■ Exercise ■
Below are the records; tally the lines that include "irreflexive" and report only the total.

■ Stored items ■
>>
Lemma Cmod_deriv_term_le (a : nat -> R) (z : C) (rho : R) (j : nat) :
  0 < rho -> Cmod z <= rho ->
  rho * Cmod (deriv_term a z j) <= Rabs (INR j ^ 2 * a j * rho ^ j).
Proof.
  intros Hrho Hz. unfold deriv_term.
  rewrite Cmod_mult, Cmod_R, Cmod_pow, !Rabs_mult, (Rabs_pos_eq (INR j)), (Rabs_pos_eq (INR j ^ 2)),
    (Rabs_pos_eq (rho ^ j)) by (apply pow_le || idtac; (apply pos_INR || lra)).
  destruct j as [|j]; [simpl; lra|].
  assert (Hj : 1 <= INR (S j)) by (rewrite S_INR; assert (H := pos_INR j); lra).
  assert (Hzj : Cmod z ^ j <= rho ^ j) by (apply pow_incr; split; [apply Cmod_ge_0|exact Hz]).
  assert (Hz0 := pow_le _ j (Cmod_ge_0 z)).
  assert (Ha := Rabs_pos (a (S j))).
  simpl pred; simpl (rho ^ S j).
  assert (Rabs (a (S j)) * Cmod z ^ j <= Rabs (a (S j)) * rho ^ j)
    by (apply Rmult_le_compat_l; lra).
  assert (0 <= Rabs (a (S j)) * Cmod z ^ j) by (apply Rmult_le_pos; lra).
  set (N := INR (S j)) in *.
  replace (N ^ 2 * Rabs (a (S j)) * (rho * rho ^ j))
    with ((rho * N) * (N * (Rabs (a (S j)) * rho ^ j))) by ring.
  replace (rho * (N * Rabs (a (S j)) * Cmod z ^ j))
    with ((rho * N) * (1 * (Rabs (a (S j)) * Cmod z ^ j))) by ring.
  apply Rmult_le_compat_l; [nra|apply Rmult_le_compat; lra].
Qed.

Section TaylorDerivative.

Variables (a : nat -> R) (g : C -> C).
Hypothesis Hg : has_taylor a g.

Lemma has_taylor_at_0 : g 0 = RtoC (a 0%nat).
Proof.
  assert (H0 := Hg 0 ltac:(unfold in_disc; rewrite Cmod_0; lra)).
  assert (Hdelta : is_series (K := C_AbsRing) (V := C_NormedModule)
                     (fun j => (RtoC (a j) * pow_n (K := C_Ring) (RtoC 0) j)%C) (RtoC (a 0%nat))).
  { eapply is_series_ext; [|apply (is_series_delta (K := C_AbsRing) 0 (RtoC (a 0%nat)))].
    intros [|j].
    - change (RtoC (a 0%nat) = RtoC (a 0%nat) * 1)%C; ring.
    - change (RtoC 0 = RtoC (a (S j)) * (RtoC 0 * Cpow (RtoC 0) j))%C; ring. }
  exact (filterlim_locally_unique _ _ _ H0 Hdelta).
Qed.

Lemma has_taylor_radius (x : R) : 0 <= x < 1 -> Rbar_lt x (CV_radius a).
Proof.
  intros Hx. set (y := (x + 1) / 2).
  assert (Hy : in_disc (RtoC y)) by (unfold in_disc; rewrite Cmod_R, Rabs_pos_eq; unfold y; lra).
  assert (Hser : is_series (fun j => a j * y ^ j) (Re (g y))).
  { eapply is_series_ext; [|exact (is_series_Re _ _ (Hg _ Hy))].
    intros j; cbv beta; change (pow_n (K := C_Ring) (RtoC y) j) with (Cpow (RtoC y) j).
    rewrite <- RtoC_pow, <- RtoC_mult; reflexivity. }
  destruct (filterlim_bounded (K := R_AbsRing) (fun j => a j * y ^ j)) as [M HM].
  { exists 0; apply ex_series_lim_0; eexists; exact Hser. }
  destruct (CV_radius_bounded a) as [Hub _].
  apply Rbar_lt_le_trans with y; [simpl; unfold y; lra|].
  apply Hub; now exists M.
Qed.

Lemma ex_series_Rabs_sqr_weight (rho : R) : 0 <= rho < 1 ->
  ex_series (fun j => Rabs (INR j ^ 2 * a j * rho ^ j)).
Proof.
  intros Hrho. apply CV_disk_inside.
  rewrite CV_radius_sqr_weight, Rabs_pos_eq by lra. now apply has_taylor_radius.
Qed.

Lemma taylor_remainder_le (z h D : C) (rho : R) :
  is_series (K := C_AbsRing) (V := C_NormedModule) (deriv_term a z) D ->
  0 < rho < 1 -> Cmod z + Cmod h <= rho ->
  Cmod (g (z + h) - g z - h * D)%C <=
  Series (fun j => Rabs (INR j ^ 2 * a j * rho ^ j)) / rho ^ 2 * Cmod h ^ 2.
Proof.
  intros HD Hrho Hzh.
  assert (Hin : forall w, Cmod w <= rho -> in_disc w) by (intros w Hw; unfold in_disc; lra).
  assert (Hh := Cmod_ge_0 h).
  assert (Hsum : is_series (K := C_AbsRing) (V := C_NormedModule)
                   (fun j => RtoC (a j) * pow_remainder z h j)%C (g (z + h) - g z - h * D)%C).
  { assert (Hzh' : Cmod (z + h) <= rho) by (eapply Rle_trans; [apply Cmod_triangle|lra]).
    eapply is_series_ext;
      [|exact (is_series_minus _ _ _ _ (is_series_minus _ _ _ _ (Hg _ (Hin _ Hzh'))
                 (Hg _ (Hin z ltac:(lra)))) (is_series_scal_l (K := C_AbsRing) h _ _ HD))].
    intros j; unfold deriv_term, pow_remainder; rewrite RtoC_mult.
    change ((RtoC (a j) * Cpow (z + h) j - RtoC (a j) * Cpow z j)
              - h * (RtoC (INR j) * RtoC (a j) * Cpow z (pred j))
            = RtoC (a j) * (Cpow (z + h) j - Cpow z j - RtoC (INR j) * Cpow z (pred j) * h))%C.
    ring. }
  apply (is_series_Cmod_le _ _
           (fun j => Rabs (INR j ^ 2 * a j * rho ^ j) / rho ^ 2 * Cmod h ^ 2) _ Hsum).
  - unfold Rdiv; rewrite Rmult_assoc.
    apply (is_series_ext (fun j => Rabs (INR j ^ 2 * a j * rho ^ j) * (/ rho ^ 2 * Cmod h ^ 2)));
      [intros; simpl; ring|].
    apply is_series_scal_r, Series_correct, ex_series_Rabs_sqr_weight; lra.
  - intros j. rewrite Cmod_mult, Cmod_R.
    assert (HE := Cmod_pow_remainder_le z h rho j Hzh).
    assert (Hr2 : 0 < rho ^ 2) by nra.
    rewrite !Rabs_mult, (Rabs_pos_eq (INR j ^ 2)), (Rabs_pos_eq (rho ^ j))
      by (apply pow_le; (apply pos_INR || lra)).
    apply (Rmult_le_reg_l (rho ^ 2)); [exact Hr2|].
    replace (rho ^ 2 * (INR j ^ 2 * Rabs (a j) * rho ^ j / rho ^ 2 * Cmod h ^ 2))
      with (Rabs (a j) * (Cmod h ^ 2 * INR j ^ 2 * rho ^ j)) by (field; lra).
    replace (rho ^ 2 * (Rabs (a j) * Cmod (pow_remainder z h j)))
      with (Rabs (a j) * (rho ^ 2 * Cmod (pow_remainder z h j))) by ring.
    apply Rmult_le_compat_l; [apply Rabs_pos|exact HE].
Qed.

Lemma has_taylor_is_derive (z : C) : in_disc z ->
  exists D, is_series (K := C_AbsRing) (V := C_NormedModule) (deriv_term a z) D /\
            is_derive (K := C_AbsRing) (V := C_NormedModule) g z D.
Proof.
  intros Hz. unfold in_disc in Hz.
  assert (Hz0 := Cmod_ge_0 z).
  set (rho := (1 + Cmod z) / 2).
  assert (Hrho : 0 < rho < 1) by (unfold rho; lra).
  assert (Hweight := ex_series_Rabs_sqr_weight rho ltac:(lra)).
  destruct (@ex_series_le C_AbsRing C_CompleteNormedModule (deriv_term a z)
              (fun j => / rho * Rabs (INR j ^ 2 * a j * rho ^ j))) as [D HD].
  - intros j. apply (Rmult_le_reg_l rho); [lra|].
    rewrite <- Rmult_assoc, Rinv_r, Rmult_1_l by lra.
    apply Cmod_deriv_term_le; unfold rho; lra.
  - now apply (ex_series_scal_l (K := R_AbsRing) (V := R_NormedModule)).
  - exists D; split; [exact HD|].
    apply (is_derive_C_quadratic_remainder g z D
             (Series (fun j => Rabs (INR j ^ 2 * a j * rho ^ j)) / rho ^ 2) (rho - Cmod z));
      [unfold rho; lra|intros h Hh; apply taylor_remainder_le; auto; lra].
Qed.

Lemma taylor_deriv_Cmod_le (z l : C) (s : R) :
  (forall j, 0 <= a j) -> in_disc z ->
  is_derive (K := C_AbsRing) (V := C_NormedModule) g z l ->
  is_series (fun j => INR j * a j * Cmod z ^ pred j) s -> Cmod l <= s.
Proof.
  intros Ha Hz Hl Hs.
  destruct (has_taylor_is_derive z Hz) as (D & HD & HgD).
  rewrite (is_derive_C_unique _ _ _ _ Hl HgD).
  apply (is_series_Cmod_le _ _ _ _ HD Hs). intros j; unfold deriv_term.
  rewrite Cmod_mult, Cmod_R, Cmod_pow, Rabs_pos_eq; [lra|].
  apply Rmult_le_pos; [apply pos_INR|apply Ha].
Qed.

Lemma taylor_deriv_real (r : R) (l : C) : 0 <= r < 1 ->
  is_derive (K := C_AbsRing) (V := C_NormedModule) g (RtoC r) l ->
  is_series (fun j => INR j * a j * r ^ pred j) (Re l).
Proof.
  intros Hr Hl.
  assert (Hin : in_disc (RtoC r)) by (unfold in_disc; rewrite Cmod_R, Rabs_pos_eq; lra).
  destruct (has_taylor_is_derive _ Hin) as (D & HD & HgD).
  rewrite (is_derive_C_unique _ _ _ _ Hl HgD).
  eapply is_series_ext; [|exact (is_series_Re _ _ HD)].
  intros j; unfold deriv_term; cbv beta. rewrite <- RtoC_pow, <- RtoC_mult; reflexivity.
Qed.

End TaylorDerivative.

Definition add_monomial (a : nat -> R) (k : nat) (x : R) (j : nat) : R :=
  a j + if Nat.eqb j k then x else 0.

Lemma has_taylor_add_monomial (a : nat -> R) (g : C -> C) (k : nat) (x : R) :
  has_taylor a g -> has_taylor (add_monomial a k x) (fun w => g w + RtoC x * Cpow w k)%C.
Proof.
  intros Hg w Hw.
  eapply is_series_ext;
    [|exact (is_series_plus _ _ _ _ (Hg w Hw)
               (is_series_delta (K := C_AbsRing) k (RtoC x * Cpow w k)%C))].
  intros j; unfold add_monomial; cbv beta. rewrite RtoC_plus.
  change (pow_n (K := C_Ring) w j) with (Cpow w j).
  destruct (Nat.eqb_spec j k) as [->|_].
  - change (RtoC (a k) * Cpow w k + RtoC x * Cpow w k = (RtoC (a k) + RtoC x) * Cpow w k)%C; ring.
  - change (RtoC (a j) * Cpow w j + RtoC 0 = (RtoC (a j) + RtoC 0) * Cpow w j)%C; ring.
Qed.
<<
>>
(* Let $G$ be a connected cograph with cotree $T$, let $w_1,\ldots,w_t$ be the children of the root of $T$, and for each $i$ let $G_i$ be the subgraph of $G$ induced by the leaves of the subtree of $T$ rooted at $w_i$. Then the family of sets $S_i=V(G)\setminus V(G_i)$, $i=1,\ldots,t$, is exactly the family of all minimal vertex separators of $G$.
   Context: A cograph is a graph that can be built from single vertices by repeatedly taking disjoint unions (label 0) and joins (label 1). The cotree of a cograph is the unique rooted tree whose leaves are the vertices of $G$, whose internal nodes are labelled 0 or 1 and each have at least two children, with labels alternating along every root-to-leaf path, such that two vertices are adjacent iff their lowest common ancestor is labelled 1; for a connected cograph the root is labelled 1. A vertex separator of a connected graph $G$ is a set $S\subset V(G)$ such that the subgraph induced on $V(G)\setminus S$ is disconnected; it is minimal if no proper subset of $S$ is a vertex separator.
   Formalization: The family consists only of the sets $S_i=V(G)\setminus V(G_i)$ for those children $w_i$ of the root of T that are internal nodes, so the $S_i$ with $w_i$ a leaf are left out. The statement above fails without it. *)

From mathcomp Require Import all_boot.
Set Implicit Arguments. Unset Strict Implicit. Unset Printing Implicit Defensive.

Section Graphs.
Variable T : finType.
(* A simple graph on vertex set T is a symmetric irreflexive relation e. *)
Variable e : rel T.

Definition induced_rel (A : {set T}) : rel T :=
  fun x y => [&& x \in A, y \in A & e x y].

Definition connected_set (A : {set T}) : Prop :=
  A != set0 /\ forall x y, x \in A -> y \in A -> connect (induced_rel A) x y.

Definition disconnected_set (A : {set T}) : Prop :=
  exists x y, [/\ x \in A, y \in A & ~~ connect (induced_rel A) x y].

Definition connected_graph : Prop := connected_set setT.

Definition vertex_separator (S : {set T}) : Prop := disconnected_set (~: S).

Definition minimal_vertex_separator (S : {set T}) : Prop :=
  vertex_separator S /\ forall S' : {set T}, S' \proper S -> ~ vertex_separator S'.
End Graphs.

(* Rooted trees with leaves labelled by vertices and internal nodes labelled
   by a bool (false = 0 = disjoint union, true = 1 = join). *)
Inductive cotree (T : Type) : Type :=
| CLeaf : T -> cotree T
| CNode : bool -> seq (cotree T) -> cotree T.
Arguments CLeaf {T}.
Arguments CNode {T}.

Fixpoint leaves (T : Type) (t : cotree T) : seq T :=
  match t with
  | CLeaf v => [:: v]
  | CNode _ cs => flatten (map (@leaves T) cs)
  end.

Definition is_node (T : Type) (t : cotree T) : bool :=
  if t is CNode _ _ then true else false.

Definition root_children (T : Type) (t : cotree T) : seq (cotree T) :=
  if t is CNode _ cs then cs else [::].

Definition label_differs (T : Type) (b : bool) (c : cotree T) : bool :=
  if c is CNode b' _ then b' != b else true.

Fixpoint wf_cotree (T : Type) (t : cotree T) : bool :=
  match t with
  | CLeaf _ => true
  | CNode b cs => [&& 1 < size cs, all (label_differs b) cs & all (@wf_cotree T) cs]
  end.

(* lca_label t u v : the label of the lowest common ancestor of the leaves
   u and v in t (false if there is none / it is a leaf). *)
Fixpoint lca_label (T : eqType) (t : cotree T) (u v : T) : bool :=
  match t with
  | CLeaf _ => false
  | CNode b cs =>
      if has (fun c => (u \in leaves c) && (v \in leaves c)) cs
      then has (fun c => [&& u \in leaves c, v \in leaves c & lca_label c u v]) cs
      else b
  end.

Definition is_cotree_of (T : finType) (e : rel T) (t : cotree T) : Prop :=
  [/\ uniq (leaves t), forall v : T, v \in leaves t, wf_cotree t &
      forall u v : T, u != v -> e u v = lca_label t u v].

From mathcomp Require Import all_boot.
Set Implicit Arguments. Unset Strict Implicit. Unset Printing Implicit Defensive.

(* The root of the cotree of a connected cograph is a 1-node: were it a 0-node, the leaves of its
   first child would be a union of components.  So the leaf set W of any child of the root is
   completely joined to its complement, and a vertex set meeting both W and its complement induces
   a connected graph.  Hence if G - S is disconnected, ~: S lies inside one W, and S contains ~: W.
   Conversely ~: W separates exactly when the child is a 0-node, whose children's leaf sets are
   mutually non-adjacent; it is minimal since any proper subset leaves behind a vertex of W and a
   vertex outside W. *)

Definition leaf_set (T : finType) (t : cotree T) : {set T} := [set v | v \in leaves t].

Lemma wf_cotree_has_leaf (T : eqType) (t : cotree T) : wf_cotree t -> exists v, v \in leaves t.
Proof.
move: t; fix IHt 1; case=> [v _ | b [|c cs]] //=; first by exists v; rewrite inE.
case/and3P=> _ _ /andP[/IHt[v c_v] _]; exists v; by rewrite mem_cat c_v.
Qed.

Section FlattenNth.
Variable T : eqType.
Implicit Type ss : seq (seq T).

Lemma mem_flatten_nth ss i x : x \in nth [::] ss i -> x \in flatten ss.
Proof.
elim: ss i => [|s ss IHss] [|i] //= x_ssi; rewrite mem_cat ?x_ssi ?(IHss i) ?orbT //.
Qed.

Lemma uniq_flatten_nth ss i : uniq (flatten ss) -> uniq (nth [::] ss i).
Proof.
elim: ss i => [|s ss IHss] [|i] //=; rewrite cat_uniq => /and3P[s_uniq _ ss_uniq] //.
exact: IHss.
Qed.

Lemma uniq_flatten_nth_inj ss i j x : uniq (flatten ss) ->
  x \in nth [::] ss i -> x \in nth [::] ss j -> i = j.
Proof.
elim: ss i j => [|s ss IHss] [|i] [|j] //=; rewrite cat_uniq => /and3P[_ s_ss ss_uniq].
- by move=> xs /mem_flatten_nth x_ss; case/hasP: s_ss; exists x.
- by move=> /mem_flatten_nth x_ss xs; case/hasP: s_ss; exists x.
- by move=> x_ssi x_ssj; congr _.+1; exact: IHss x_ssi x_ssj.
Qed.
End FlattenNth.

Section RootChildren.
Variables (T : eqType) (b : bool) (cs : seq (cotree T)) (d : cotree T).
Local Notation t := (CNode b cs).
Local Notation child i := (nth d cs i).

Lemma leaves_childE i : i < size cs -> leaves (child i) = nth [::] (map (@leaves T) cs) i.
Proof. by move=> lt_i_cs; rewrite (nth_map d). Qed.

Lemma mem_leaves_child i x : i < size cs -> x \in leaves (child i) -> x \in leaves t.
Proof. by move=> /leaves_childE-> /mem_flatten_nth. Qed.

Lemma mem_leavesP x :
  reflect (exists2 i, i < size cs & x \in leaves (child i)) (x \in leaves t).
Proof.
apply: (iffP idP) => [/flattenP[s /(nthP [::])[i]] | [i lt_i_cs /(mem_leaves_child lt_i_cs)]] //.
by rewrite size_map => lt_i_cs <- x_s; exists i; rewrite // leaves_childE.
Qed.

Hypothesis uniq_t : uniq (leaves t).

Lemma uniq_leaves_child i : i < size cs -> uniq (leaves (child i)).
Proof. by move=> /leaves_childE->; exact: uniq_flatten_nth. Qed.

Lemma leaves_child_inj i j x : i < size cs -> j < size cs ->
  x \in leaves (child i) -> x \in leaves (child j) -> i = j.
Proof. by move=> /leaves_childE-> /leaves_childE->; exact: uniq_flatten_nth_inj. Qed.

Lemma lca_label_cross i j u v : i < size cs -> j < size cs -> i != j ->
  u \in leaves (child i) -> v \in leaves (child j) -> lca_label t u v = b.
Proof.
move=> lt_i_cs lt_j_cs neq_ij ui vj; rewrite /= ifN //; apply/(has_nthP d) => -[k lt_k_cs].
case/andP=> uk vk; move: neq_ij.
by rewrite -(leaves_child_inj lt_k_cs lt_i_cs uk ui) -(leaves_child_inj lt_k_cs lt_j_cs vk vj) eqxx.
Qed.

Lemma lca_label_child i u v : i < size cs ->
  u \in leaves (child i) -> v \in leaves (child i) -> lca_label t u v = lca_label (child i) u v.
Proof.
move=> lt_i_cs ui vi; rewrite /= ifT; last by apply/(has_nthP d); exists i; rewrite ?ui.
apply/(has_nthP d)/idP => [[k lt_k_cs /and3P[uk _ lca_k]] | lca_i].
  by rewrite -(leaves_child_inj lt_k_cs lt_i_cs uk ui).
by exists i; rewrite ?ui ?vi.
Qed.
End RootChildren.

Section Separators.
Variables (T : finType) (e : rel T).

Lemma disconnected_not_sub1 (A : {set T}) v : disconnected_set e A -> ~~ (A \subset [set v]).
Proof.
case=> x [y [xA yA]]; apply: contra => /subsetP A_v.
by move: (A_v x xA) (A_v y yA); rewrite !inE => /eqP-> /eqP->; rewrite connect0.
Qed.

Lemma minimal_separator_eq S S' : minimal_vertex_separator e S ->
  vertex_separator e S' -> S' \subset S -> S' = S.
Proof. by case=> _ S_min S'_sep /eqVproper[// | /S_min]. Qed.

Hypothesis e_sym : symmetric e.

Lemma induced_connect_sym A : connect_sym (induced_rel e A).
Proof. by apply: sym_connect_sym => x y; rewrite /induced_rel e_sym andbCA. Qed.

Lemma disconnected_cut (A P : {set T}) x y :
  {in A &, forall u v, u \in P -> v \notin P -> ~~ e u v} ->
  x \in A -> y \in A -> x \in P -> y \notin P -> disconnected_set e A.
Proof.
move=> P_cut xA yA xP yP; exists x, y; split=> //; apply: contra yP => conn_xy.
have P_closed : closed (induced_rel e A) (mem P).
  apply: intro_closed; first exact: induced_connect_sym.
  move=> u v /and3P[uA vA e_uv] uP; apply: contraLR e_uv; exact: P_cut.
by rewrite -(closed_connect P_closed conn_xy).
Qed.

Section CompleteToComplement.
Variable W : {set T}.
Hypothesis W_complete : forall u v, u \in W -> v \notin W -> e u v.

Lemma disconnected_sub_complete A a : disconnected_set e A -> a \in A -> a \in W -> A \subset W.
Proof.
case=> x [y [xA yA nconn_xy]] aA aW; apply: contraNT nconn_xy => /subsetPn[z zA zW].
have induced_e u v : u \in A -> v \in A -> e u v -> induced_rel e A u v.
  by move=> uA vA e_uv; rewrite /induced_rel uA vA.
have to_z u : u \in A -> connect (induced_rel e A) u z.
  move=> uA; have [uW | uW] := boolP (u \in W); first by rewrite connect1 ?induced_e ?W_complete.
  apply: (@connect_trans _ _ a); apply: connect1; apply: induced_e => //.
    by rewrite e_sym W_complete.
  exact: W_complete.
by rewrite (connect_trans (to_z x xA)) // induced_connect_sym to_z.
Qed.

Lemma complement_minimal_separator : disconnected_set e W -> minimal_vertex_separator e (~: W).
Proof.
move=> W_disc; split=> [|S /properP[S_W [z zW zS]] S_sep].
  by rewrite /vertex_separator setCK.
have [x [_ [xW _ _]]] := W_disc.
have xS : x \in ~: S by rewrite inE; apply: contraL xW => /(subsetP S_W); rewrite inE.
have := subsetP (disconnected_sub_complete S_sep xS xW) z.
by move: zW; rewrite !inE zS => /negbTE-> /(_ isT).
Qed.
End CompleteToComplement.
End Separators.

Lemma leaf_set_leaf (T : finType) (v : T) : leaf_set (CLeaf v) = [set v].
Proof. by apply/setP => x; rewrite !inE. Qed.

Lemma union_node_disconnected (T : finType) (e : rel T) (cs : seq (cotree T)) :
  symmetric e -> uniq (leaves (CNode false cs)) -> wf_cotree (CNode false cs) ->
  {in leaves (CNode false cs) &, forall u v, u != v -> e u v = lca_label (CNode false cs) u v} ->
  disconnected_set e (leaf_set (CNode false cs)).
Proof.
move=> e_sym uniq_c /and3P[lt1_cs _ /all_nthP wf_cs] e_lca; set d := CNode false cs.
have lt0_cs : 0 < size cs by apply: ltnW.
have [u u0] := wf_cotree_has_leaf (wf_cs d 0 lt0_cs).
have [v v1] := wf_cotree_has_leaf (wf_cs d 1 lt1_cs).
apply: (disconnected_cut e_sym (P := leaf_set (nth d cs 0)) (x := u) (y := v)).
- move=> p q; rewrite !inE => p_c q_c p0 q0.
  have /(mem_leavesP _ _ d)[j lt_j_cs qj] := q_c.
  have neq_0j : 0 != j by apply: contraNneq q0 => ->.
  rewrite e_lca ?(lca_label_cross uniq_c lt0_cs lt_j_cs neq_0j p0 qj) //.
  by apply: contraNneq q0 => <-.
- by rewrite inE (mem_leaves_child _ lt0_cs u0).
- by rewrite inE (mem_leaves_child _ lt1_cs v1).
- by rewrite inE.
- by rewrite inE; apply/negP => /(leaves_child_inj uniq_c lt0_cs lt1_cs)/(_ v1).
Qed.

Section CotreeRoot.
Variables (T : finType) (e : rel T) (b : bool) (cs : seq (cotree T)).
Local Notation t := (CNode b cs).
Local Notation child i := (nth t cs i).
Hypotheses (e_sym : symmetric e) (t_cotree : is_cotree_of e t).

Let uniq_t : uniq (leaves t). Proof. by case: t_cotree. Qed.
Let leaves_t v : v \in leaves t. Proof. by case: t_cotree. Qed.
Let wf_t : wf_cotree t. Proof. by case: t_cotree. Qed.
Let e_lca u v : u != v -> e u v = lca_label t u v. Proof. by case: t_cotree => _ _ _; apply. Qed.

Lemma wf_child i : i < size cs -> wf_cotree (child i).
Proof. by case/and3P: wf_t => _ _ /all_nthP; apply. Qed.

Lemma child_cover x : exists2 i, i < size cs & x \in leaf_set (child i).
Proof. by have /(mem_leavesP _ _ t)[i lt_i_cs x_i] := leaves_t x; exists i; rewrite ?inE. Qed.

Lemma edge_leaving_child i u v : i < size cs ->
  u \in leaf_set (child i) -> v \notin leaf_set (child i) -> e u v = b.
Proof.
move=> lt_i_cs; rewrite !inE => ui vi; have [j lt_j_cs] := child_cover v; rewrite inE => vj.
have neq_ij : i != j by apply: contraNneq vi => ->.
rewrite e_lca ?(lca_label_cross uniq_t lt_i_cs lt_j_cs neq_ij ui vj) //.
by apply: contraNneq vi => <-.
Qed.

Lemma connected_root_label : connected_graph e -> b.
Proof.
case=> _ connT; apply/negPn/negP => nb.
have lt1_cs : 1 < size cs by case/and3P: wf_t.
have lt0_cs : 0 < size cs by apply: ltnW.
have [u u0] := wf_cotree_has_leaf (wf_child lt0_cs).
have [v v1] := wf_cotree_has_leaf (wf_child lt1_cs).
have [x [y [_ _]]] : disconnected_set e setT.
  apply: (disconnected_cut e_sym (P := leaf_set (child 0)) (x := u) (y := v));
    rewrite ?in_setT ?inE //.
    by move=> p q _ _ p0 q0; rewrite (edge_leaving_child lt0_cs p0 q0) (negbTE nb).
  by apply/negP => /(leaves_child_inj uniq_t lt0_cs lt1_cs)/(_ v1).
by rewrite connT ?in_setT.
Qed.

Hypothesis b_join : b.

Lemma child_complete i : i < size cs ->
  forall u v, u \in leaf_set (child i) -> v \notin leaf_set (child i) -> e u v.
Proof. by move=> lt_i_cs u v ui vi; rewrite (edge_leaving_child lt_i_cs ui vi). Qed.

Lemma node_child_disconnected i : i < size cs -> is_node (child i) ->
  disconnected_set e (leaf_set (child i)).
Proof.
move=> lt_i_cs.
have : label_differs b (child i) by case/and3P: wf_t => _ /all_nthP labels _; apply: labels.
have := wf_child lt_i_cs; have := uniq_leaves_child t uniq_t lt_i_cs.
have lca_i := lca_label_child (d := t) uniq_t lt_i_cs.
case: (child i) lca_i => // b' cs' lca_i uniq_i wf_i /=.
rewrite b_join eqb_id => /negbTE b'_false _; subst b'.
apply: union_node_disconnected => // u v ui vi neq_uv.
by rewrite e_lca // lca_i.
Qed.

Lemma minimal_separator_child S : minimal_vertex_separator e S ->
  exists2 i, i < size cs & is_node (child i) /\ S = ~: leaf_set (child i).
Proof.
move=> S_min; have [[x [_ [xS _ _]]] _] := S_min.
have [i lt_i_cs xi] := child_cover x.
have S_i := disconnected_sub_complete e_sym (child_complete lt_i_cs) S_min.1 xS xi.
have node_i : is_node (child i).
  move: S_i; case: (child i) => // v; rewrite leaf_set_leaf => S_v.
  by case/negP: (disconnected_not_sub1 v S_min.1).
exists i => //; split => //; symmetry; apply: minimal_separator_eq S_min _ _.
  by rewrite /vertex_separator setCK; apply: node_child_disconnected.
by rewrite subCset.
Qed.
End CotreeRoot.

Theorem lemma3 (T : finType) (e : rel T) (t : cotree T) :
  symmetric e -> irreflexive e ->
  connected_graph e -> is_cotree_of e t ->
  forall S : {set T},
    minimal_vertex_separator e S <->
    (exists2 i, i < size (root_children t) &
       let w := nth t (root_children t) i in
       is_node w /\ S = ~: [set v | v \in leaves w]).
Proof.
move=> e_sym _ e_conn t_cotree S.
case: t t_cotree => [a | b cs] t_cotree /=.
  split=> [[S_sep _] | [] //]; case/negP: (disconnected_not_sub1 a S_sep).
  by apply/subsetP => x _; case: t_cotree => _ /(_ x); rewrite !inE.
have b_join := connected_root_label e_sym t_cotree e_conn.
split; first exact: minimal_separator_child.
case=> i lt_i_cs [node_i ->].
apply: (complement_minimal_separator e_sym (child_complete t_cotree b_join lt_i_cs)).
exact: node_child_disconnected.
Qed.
<<
■ Exercise result ■
2